Leipziger Museum zeigt von Luther inspirierte Werke Michael Triegels

Michael Triegel, Pietà, Verkündigung. 2015. Entwurf für Ostfenster St. Maria in Köthen. (Bild: © VG Bild-Kunst, Bonn)

Die Augen geschlossen, liegt das tote Küken auf einer Holzplatte. Bizarr stehen die verkrüppelten zartrosa Beinchen vom Körper ab. Über der toten Krähe prangt eine Kinderzeichnung. Sie zeigt einen bärtigen Mann, der ein Fähnchen hochhält.

Das Stillleben „Tod und Auferstehung“ des Leipziger Künstlers Michael Triegel nimmt Bezug auf eine der legendären Tischreden von Reformator Martin Luther. Er gehe darin der Frage nach, ob der Glaube an die Auferstehung heute eigentlich nur noch naiver Kinderglaube sei, sagte der Künstler zur Eröffnung in Leipzig.

Elf Stillleben auf Pergament

Elf in dezenten Ocker- und Brauntönen gehaltene, kleinformatige Stillleben hat Triegel im vergangenen Jahr geschaffen. Gemalt sind sie auf Pergament – dem Künstler zufolge eine Hommage an die ersten, zu Luthers Zeit erschienenen Bücher aus demselben Material.

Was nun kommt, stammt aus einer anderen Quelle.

(* Let $E/\mathbb{Q}$ be the elliptic curve $y^2=x^3+a_4x+a_6$ with $a_4,a_6\in\mathbb{Z}$. Suppose $(u,v)\in\mathbb{Z}^2$ is map-suitable for $E$ and $-D_E(u,v)$ is a negative fundamental discriminant. Then: (1) $v$ is square-free and $\gcd(u,v)=1$. (2) If $P\in E(\mathbb{Q})$ is not the point at infinity $\mathcal{O}$, there exist $A,B,C\in\mathbb{Z}$ with $\gcd(A,C)=\gcd(B,C)=1$ and $C>0$ such that $P=(A/C^2,B/C^3)$; putting $a=Av+C^2u$ and $g=\gcd(C,v)$, there exists an integer $\mu$ with $\frac{C^3}{g^2}\mu\equiv1\pmod{\frac{va}{g^2}}$. (3) For any such $\mu$, the form $$\frac{va}{g^2}x^2+2\mu\frac{Bv^2}{g^2}xy+\frac{\mu^2\frac{B^2v^4}{g^4}+d_E(u,v)}{\frac{va}{g^2}}y^2$$ is a positive definite binary quadratic form with integer coefficients and discriminant $-D_E(u,v)$.
   Context: For integers $u,v$ put $d_E(u,v):=v(u^3+a_4uv^2-a_6v^3)$ and $D_E(u,v):=4d_E(u,v)$. A pair $(u,v)\in\mathbb{Z}^2$ is map-suitable for $E$ if $u$, $v$, $3u^2+a_4v^2$ and $D_E(u,v)$ are all positive. *)

From mathcomp Require Import all_boot all_order all_algebra.
Set Implicit Arguments. Unset Strict Implicit. Unset Printing Implicit Defensive.
Import Order.TTheory GRing.Theory Num.Theory.
Local Open Scope ring_scope.

Definition dE (a4 a6 u v : int) : int := v * (u ^+ 3 + a4 * u * v ^+ 2 - a6 * v ^+ 3).
Definition DE (a4 a6 u v : int) : int := 4 * dE a4 a6 u v.

Definition map_suitable (a4 a6 u v : int) : Prop :=
  [/\ 0 < u, 0 < v, 0 < 3 * u ^+ 2 + a4 * v ^+ 2 & 0 < DE a4 a6 u v].

(* n is square-free: no square d^2 with |d| > 1 divides n (so 0 is not square-free) *)
Definition squarefree_int (n : int) : Prop :=
  forall d : int, (d * d %| n)%Z -> `|d| = 1.

Definition fundamental_discriminant (D : int) : Prop :=
  ((D %% 4)%Z = 1 /\ squarefree_int D) \/
  (exists m : int, D = 4 * m /\ ((m %% 4)%Z = 2 \/ (m %% 4)%Z = 3) /\ squarefree_int m).

Definition nonsingular (a4 a6 : int) : Prop := 4 * a4 ^+ 3 + 27 * a6 ^+ 2 != 0.

(* affine rational point (x,y) of E, i.e. a point of E(Q) other than O *)
Definition on_curve (a4 a6 : int) (x y : rat) : Prop :=
  y ^+ 2 = x ^+ 3 + a4%:~R * x + a6%:~R.

Definition pos_def_form (a b c : int) : Prop :=
  forall x y : int, (x, y) != (0, 0) -> 0 < a * x ^+ 2 + b * x * y + c * y ^+ 2.

From mathcomp Require Import all_boot all_order all_algebra.
From mathcomp Require Import ring lra.
Import Order.TTheory GRing.Theory Num.Theory.
Set Implicit Arguments. Unset Strict Implicit. Unset Printing Implicit Defensive.
Local Open Scope ring_scope.

(* Since 4 divides D_E, the fundamental discriminant -D_E = 4 (-d_E) forces
   d_E = v (u^3 + a4 u v^2 - a6 v^3) to be square-free, which gives (1).
   A rational point is (A/C^2, B/C^3) with B^2 = A^3 + a4 A C^4 + a6 C^6.  For
   f(x) = x^3 + a4 x + a6 we have f(-u/v) = -d_E/v^4 < 0 and f'(-u/v) > 0, so f < 0
   on (-oo, -u/v] and the abscissa A/C^2 exceeds -u/v, i.e. a = A v + C^2 u > 0.
   Writing C = g C1, v = g v1, the factorization of f(A/C^2) - f(-u/v) shows that
   M = va/g^2 divides (B v^2/g^2)^2 + (C^3/g^2)^2 d_E.  Multiplying by the square of
   an inverse mu of C^3/g^2 modulo M, the form (M, 2 mu B v^2/g^2, .) has integer
   coefficients and discriminant -4 d_E < 0, and M > 0 makes it positive definite. *)

Lemma squarefree_intN (n : int) : squarefree_int (- n) <-> squarefree_int n.
Proof. by split=> sqf d; [rewrite -rpredN; apply: sqf | rewrite rpredN; apply: sqf]. Qed.

Lemma squarefree_int_dvd (m n : int) :
  (m %| n)%Z -> squarefree_int n -> squarefree_int m.
Proof. by move=> mn sqf d dm; apply/sqf/(dvdz_trans dm). Qed.

Lemma squarefree_int_coprime (n x y : int) :
  squarefree_int n -> (x * y %| n)%Z -> coprimez x y.
Proof.
move=> sqf xyn; apply/eqP.
have gg_n : (gcdz x y * gcdz x y %| n)%Z.
  by apply: dvdz_trans xyn; apply: dvdz_mul; [apply: dvdz_gcdl | apply: dvdz_gcdr].
by rewrite -(sqf _ gg_n) ger0_norm.
Qed.

Lemma fundamental_discriminant_4mul (m : int) :
  fundamental_discriminant (4 * m) -> squarefree_int m.
Proof.
case=> [[]|[m' [/eqP]]]; first by rewrite mulrC modzMl.
by rewrite (inj_eq (mulfI _)) // => /eqP -> [].
Qed.

Lemma squarefree_dE (a4 a6 u v : int) :
  squarefree_int (dE a4 a6 u v) -> squarefree_int v /\ coprimez u v.
Proof.
move=> sqf; split; first by apply: squarefree_int_dvd sqf; apply: dvdz_mulr.
have := squarefree_int_coprime sqf (dvdzz _).
have -> : u ^+ 3 + a4 * u * v ^+ 2 - a6 * v ^+ 3 =
    (a4 * u * v - a6 * v ^+ 2) * v + u ^+ 3 by ring.
by rewrite /coprimez gcdzMDl -/(coprimez _ _) coprimez_pexpr // coprimez_sym.
Qed.

Lemma dvdz_anti_gt0 (m n : int) :
  0 < m -> 0 < n -> (m %| n)%Z -> (n %| m)%Z -> m = n.
Proof.
move=> m_gt0 n_gt0 mn nm; rewrite -(gtz0_abs m_gt0) -(gtz0_abs n_gt0).
by congr Posz; apply/eqP; rewrite eqn_dvd; apply/andP.
Qed.

Lemma sqr_eq_cube (q s : int) :
  0 < s -> s ^+ 2 = q ^+ 3 -> exists2 C, 0 < C & q = C ^+ 2 /\ s = C ^+ 3.
Proof.
move=> s_gt0 sq; have q_gt0 : 0 < q by nra.
have /dvdzP[C def_s] : (q %| s)%Z.
  by rewrite -(dvdz_pexp2r _ _ (isT : (0 < 2)%N)) sq exprS mulrC dvdz_mulr.
have def_q : q = C ^+ 2.
  have : (C ^+ 2 - q) * q ^+ 2 = 0 by rewrite mulrBl -exprMn -def_s sq; ring.
  by move/eqP; rewrite mulf_eq0 expf_eq0 (gt_eqF q_gt0) orbF subr_eq0 => /eqP.
have s_C : s = C ^+ 3 by rewrite def_s def_q; ring.
by exists C => //; rewrite s_C in s_gt0; nra.
Qed.

Lemma curve_den_sqr_eq_cube (a4 a6 p q r s : int) :
  coprimez p q -> coprimez r s -> 0 < q -> 0 < s ->
  r ^+ 2 * q ^+ 3 = s ^+ 2 * (p ^+ 3 + a4 * p * q ^+ 2 + a6 * q ^+ 3) ->
  s ^+ 2 = q ^+ 3.
Proof.
move=> cpq crs q_gt0 s_gt0 eq_rs.
have cqK : coprimez (q ^+ 3) (p ^+ 3 + a4 * p * q ^+ 2 + a6 * q ^+ 3).
  have -> : p ^+ 3 + a4 * p * q ^+ 2 + a6 * q ^+ 3 =
      (a4 * p * q + a6 * q ^+ 2) * q + p ^+ 3 by ring.
  rewrite coprimez_pexpl // /coprimez gcdzMDl -/(coprimez _ _).
  by rewrite coprimezXr // coprimez_sym.
have csr : coprimez (s ^+ 2) (r ^+ 2) by rewrite coprimezXl // coprimezXr // coprimez_sym.
apply: dvdz_anti_gt0; rewrite ?exprn_gt0 //.
  by rewrite -(Gauss_dvdzr _ csr) eq_rs dvdz_mulr.
by rewrite -(Gauss_dvdzl _ cqK) -eq_rs dvdz_mull.
Qed.

Lemma on_curve_int_coords (a4 a6 : int) (x y : rat) : on_curve a4 a6 x y ->
  exists A B C : int,
    [/\ coprimez A C, coprimez B C, 0 < C,
        x = A%:~R / (C%:~R) ^+ 2 & y = B%:~R / (C%:~R) ^+ 3] /\
    B ^+ 2 = A ^+ 3 + a4 * A * C ^+ 4 + a6 * C ^+ 6.
Proof.
rewrite /on_curve => xy.
have eq_int : numq y ^+ 2 * denq x ^+ 3 =
    denq y ^+ 2 * (numq x ^+ 3 + a4 * numq x * denq x ^+ 2 + a6 * denq x ^+ 3).
  apply: (@intr_inj rat); rewrite !(rmorphM, rmorphD, rmorphXn) /= !numqE exprMn xy; ring.
have sq := curve_den_sqr_eq_cube (coprime_num_den x) (coprime_num_den y)
  (denq_gt0 x) (denq_gt0 y) eq_int.
have [C C_gt0 [qC sC]] := sqr_eq_cube (denq_gt0 y) sq.
exists (numq x), (numq y), C; split; first split => //.
- by have := coprime_num_den x; rewrite qC /coprimez /gcdz abszX coprime_pexpr.
- by have := coprime_num_den y; rewrite sC /coprimez /gcdz abszX coprime_pexpr.
- by rewrite -rmorphXn -qC divq_num_den.
- by rewrite -rmorphXn -sC divq_num_den.
apply: (mulIf (expf_neq0 6 (lt0r_neq0 C_gt0))).
by move: eq_int; rewrite qC sC -!exprM => ->; ring.
Qed.

Lemma cubic_le_left (R : realDomainType) (p q t0 t : R) :
  t0 <= 0 -> 0 <= 3 * t0 ^+ 2 + p -> t <= t0 ->
  t ^+ 3 + p * t + q <= t0 ^+ 3 + p * t0 + q.
Proof.
move=> t0_le0 slope_ge0 t_le.
have -> : t ^+ 3 + p * t + q = t0 ^+ 3 + p * t0 + q
    + (t - t0) * ((t - t0) * (t + 2 * t0) + (3 * t0 ^+ 2 + p)) by ring.
rewrite gerDl mulr_le0_ge0 ?subr_le0 // addr_ge0 // mulr_le0 ?subr_le0 //.
lra.
Qed.

Lemma curve_point_right (a4 a6 u v A B C : int) :
  0 < u -> 0 < v -> 0 < 3 * u ^+ 2 + a4 * v ^+ 2 -> 0 < dE a4 a6 u v -> 0 < C ->
  B ^+ 2 = A ^+ 3 + a4 * A * C ^+ 4 + a6 * C ^+ 6 ->
  0 < A * v + C ^+ 2 * u.
Proof.
move=> u_gt0 v_gt0 slope_gt0 d_gt0 C_gt0 eqB.
rewrite ltNge; apply/negP => a_le0.
pose f t := t ^+ 3 + a4 * v ^+ 2 * C ^+ 4 * t + a6 * v ^+ 3 * C ^+ 6.
have fX : f (A * v) = v ^+ 3 * B ^+ 2 by rewrite /f eqB; ring.
have fU : v * f (- (C ^+ 2 * u)) = - (C ^+ 6 * dE a4 a6 u v) by rewrite /f /dE; ring.
have fU_lt0 : f (- (C ^+ 2 * u)) < 0.
  by rewrite -(pmulr_rlt0 _ v_gt0) fU oppr_lt0 mulr_gt0 ?exprn_gt0.
have fX_ge0 : 0 <= f (A * v) by rewrite fX mulr_ge0 ?sqr_ge0 ?exprn_ge0 ?ltW.
suff : f (A * v) <= f (- (C ^+ 2 * u)) by lra.
apply: cubic_le_left; first by rewrite oppr_le0 ltW // mulr_gt0 ?exprn_gt0.
  have -> : 3 * (- (C ^+ 2 * u)) ^+ 2 + a4 * v ^+ 2 * C ^+ 4
    = C ^+ 4 * (3 * u ^+ 2 + a4 * v ^+ 2) by ring.
  by rewrite ltW // mulr_gt0 ?exprn_gt0.
lra.
Qed.

Lemma pos_def_form_neg_disc (a b c : int) :
  0 < a -> b ^+ 2 - 4 * a * c < 0 -> pos_def_form a b c.
Proof.
move=> a_gt0 disc_lt0 x y xy_neq0.
have a4_gt0 : 0 < 4 * a by rewrite mulr_gt0.
rewrite -(pmulr_rgt0 _ a4_gt0).
have -> : 4 * a * (a * x ^+ 2 + b * x * y + c * y ^+ 2) =
    (2 * a * x + b * y) ^+ 2 - (b ^+ 2 - 4 * a * c) * y ^+ 2 by ring.
have [y0 | y_neq0] := eqVneq y 0.
  have x_neq0 : x != 0 by move: xy_neq0; rewrite y0 xpair_eqE andbT.
  by rewrite y0 !(expr0n, mulr0, subr0, addr0) /= exprn_even_gt0 // !mulf_neq0 // gt_eqF.
have := sqr_ge0 (2 * a * x + b * y); have : 0 < y ^+ 2 by rewrite exprn_even_gt0.
nra.
Qed.

Lemma form_of_sqrt_mod (M b d : int) :
  0 < M -> 0 < d -> (M %| b ^+ 2 + d)%Z ->
  pos_def_form M (2 * b) ((b ^+ 2 + d) %/ M)%Z /\
  (2 * b) ^+ 2 - 4 * M * ((b ^+ 2 + d) %/ M)%Z = - (4 * d).
Proof.
move=> M_gt0 d_gt0 /divzK Mc.
have disc : (2 * b) ^+ 2 - 4 * M * ((b ^+ 2 + d) %/ M)%Z = - (4 * d).
  by rewrite -mulrA [M * _]mulrC Mc; ring.
by split=> //; apply: pos_def_form_neg_disc; rewrite ?disc ?oppr_lt0 ?mulr_gt0.
Qed.

Lemma sqrt_mod_of_inverse (M gam b d K mu : int) :
  b ^+ 2 + gam ^+ 2 * d = M * K -> (gam * mu == 1 %[mod M])%Z ->
  (M %| (mu * b) ^+ 2 + d)%Z.
Proof.
rewrite eqz_mod_dvd => eqK /dvdzP[t eq_t].
apply/dvdzP; exists (mu ^+ 2 * K - d * t * (gam * mu + 1)).
have -> : (mu * b) ^+ 2 + d =
    mu ^+ 2 * (b ^+ 2 + gam ^+ 2 * d) - d * (gam * mu - 1) * (gam * mu + 1) by ring.
by rewrite eqK eq_t; ring.
Qed.

Lemma gcdz_cofactors (C v : int) : v != 0 ->
  exists C1 v1 : int,
    [/\ C = C1 * gcdz C v, v = v1 * gcdz C v, 0 < gcdz C v & coprimez C1 v1].
Proof.
move=> v_neq0.
have g_gt0 : 0 < gcdz C v by rewrite lt_def gcdz_eq0 (negbTE v_neq0) andbF.
have /dvdzP[C1 eC] := dvdz_gcdl C v; have /dvdzP[v1 ev] := dvdz_gcdr C v.
exists C1, v1; split=> //; apply/eqP; apply: (mulIf (lt0r_neq0 g_gt0)).
by rewrite mul1r -[X in _ * X](gtz0_abs g_gt0) mulz_gcdl -eC -ev.
Qed.

(* [v^4 B^2 + C^6 d_E(u,v) = v^4 C^6 (f(A/C^2) - f(-u/v))] for [f(x) = x^3 + a4 x + a6],
   and [f(s) - f(t)] is divisible by [s - t = a/(v C^2)]; everything is divided by [g^4]. *)
Lemma curve_norm_identity (a4 a6 u A B g C1 v1 : int) :
  B ^+ 2 = A ^+ 3 + a4 * A * (C1 * g) ^+ 4 + a6 * (C1 * g) ^+ 6 ->
  (B * v1 ^+ 2) ^+ 2 + (g * C1 ^+ 3) ^+ 2 * dE a4 a6 u (v1 * g) =
  v1 * (A * v1 + g * C1 ^+ 2 * u) *
  ((A * v1) ^+ 2 - A * v1 * (g * C1 ^+ 2 * u) + (g * C1 ^+ 2 * u) ^+ 2
   + a4 * v1 ^+ 2 * g ^+ 4 * C1 ^+ 4).
Proof. by move=> eqB; rewrite exprMn eqB /dE; ring. Qed.

Lemma coprimez_reduced_moduli (A u g C1 v1 : int) :
  coprimez A (C1 * g) -> coprimez v1 g -> coprimez C1 v1 ->
  coprimez (g * C1 ^+ 3) (v1 * (A * v1 + g * C1 ^+ 2 * u)).
Proof.
rewrite coprimezMr => /andP[cAC1 cAg] cv1g cC1v1.
have cga : coprimez g (A * v1 + g * C1 ^+ 2 * u).
  rewrite addrC (_ : g * C1 ^+ 2 * u = C1 ^+ 2 * u * g); last by ring.
  rewrite /coprimez gcdzMDl -/(coprimez _ _) coprimezMr.
  by rewrite !(coprimez_sym g) cAg cv1g.
have cC1a : coprimez C1 (A * v1 + g * C1 ^+ 2 * u).
  rewrite addrC (_ : g * C1 ^+ 2 * u = g * C1 * u * C1); last by ring.
  by rewrite /coprimez gcdzMDl -/(coprimez _ _) coprimezMr cC1v1 coprimez_sym cAC1.
by rewrite coprimezMl coprimez_pexpl // !coprimezMr cga cC1a cC1v1 coprimez_sym cv1g.
Qed.

Lemma form_of_point (a4 a6 u v A B C : int) :
  0 < v -> squarefree_int v -> 0 < dE a4 a6 u v -> coprimez A C ->
  B ^+ 2 = A ^+ 3 + a4 * A * C ^+ 4 + a6 * C ^+ 6 -> 0 < A * v + C ^+ 2 * u ->
      let a := A * v + C ^+ 2 * u in
      let g := gcdz C v in
      [/\ (g ^+ 2 %| C ^+ 3)%Z, (g ^+ 2 %| v * a)%Z,
          (exists mu : int,
             ((C ^+ 3 %/ g ^+ 2)%Z * mu == 1 %[mod (v * a %/ g ^+ 2)%Z])%Z) &
          (forall mu : int,
             ((C ^+ 3 %/ g ^+ 2)%Z * mu == 1 %[mod (v * a %/ g ^+ 2)%Z])%Z ->
             let fa := (v * a %/ g ^+ 2)%Z in
             let fb := 2 * mu * (B * v ^+ 2 %/ g ^+ 2)%Z in
             let N := mu ^+ 2 * (B ^+ 2 * v ^+ 4 %/ g ^+ 4)%Z + dE a4 a6 u v in
             [/\ (g ^+ 2 %| B * v ^+ 2)%Z, (g ^+ 4 %| B ^+ 2 * v ^+ 4)%Z,
                 (fa %| N)%Z,
                 pos_def_form fa fb (N %/ fa)%Z &
                 fb ^+ 2 - 4 * fa * (N %/ fa)%Z = - DE a4 a6 u v])].
Proof.
move=> v_gt0 sqf d_gt0 cAC eqB a_gt0 a g.
have [C1 [v1 [eC ev g_gt0 cC1v1]]] := gcdz_cofactors C (lt0r_neq0 v_gt0).
rewrite -/g in eC ev g_gt0.
have cv1g : coprimez v1 g by apply: (squarefree_int_coprime sqf); rewrite -ev.
rewrite {}/a; clearbody g; subst C v.
set a1 := A * v1 + g * C1 ^+ 2 * u; set M := v1 * a1; set gam := g * C1 ^+ 3.
have g2 : g ^+ 2 != 0 by rewrite expf_neq0 // lt0r_neq0.
have g4 : g ^+ 4 != 0 by rewrite expf_neq0 // lt0r_neq0.
have -> : (C1 * g) ^+ 3 = gam * g ^+ 2 by rewrite /gam; ring.
have -> : v1 * g * (A * (v1 * g) + (C1 * g) ^+ 2 * u) = M * g ^+ 2.
  by rewrite /M /a1; ring.
have -> : B * (v1 * g) ^+ 2 = B * v1 ^+ 2 * g ^+ 2 by ring.
have -> : B ^+ 2 * (v1 * g) ^+ 4 = (B * v1 ^+ 2) ^+ 2 * g ^+ 4 by ring.
rewrite !mulzK //.
have M_gt0 : 0 < M.
  have ea : A * (v1 * g) + (C1 * g) ^+ 2 * u = a1 * g by rewrite /a1; ring.
  by rewrite mulr_gt0 // -(pmulr_lgt0 _ g_gt0) // -ea.
have cop : coprimez gam M by apply: coprimez_reduced_moduli.
split; try exact: dvdz_mull (dvdzz _).
  have /coprimezP[[m n] /= Bezout] := cop.
  by exists m; rewrite eqz_mod_dvd -Bezout; apply/dvdzP; exists (- n); ring.
move=> mu inv_mu /=.
have sqrt_d := sqrt_mod_of_inverse (curve_norm_identity u v1 eqB) inv_mu.
have [pd disc] := form_of_sqrt_mod M_gt0 d_gt0 sqrt_d.
rewrite -(mulrA 2) -(exprMn _ mu) /DE.
by split=> //; exact: dvdz_mull (dvdzz _).
Qed.

Theorem lemma2p2 (a4 a6 u v : int) :
  nonsingular a4 a6 ->
  map_suitable a4 a6 u v ->
  - DE a4 a6 u v < 0 ->
  fundamental_discriminant (- DE a4 a6 u v) ->
  (* (1) *)
  (squarefree_int v /\ gcdz u v = 1)
  /\
  (* (2) and (3) *)
  (forall x y : rat, on_curve a4 a6 x y ->
    exists A B C : int,
      [/\ gcdz A C = 1, gcdz B C = 1, 0 < C,
          x = A%:~R / (C%:~R) ^+ 2 & y = B%:~R / (C%:~R) ^+ 3] /\
      let a := A * v + C ^+ 2 * u in
      let g := gcdz C v in
      (* the quotients C^3/g^2 and va/g^2 are integers *)
      [/\ (g ^+ 2 %| C ^+ 3)%Z, (g ^+ 2 %| v * a)%Z,
          (exists mu : int,
             ((C ^+ 3 %/ g ^+ 2)%Z * mu == 1 %[mod (v * a %/ g ^+ 2)%Z])%Z) &
          (forall mu : int,
             ((C ^+ 3 %/ g ^+ 2)%Z * mu == 1 %[mod (v * a %/ g ^+ 2)%Z])%Z ->
             let fa := (v * a %/ g ^+ 2)%Z in
             let fb := 2 * mu * (B * v ^+ 2 %/ g ^+ 2)%Z in
             let N := mu ^+ 2 * (B ^+ 2 * v ^+ 4 %/ g ^+ 4)%Z + dE a4 a6 u v in
             [/\ (g ^+ 2 %| B * v ^+ 2)%Z, (g ^+ 4 %| B ^+ 2 * v ^+ 4)%Z,
                 (fa %| N)%Z,
                 pos_def_form fa fb (N %/ fa)%Z &
                 fb ^+ 2 - 4 * fa * (N %/ fa)%Z = - DE a4 a6 u v])]).
Proof.
move=> _ [u_gt0 v_gt0 slope_gt0 D_gt0] _ fd.
have d_gt0 : 0 < dE a4 a6 u v by move: D_gt0; rewrite /DE pmulr_rgt0.
have [sqf_v cop_uv] : squarefree_int v /\ coprimez u v.
  apply/squarefree_dE/squarefree_intN/fundamental_discriminant_4mul.
  by rewrite mulrN; exact: fd.
split; first by split=> //; apply/eqP.
move=> x y /on_curve_int_coords[A [B [C [[cAC cBC C_gt0 ex ey] eqB]]]].
exists A, B, C; split; first by split=> //; apply/eqP.
by apply: form_of_point => //; apply: (curve_point_right (a6 := a6)) eqB.
Qed.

Diese Werke sind ein Beitrag zum Leipziger „Kirchentag auf dem Weg“. Ergänzt wird die Schau „Michael Triegel – Logos und Bild“ von gut zwei Dutzend weiteren Werken des Malers zu christlichen Themen wie Gott, Tod und Dreifaltigkeit. Dazu sind auch die beiden großformatigen Entwürfe für die Fenster in St. Maria Himmelfahrt in Köthen ausgestellt, die in ihrer katholischen Ausrichtung die Spannungen in der Zeit Luthers dem Betrachter spürbar machen können und in diesem Kontext die Bemühungen um eine Ökumene heute aufzeigen.

Bekannt durch Papstporträt

Die Auseinandersetzung mit Luther sei ihm nicht leichtgefallen, betonte Triegel, der 1968 in Erfurt geboren wurde, in der DDR aufwuchs und später katholisch wurde. Bundesweit bekannt wurde er durch ein Porträt des früheren Papstes Benedikt XVI. Triegel lebt und arbeitet in Leipzig.

Michael Triegel, Tod und Auferstehung. Mischtechnik auf Pergament, 2016. (Bild: © VG Bild-Kunst, Bonn)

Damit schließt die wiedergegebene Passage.